**WHAT YOU SHOULD DO**: When the line containing "split=> [w a x1 x2 | x]; last exact: F_lin." is found in the data below, copy it and each line after it through the line containing "by rewrite !scalerDr", exactly and with no others.

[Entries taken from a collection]
┌──

(* The span of the pure tensors satisfies the universal property, hence is
   everything. *)
Lemma is_tensor_pure_sum w : exists l, w = pure_sum l.
Proof.
have [[tr tl] _] := t_tensor.
have t_pure u v : t u v \in pure_sums.
  by apply/pure_sumsP; exists [:: (u, v)]; rewrite /pure_sum big_seq1.
pose tS u v : pure_span := Sub (t u v) (t_pure u v).
have tS_bilin : is_bilin tS.
  by split=> [u|v] a x y; apply: val_inj; rewrite raddfD /= ?tr ?tl.
have [g [g_lin gE]] := is_tensor_lift tS_bilin.
have val_g : (fun w => val (g w)) =1 id.
  apply: is_tensor_ext => [a x y | | u v]; last by rewrite gE.
  - by rewrite g_lin raddfD.
  - by [].
by apply/pure_sumsP; rewrite -[w]val_g (valP (g w)).
Qed.

End TensorProduct.

Lemma is_tensor_lift3 (k : fieldType) (U V X T T' W : lmodType k)
    (t : U -> V -> T) (t' : T -> X -> T') (f : U -> V -> X -> W) :
  is_tensor t -> is_tensor t' -> is_trilin f ->
  exists g : T' -> W, is_lin g /\ forall u v x, g (t' (t u v) x) = f u v x.
Proof.
move=> t_tensor t'_tensor [f_lin1 f_lin2 f_lin3].
have lift_at x : {g : T -> W | is_lin g /\ forall u v, g (t u v) = f u v x}.
  apply: constructive_indefinite_description; apply: (is_tensor_lift t_tensor).
  by split=> [u|v]; [exact: f_lin2 | exact: f_lin1].
pose F w x := sval (lift_at x) w.
have F_lin x : is_lin (F ^~ x) by have [] := svalP (lift_at x).
have FE u v x : F (t u v) x = f u v x by have [_] := svalP (lift_at x); apply.
have F_bilin : is_bilin F.
  split=> [w a x1 x2 | x]; last exact: F_lin.
  move: w; apply: (is_tensor_ext t_tensor) => [b w1 w2 | b w1 w2 | u v].
  - exact: F_lin.
  - rewrite !(is_linD (F_lin _)) !(is_linZ (F_lin _)).
    by rewrite !scalerDr !scalerA [b * a]mulrC addrACA.
  - by rewrite !FE f_lin3.
have [g [g_lin gE]] := is_tensor_lift t'_tensor F_bilin.
by exists g; split=> // u v x; rewrite gE FE.
Qed.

└──

**ANSWER FOR THE TASK**:
  split=> [w a x1 x2 | x]; last exact: F_lin.
  move: w; apply: (is_tensor_ext t_tensor) => [b w1 w2 | b w1 w2 | u v].
  - exact: F_lin.
  - rewrite !(is_linD (F_lin _)) !(is_linZ (F_lin _)).
    by rewrite !scalerDr !scalerA [b * a]mulrC addrACA.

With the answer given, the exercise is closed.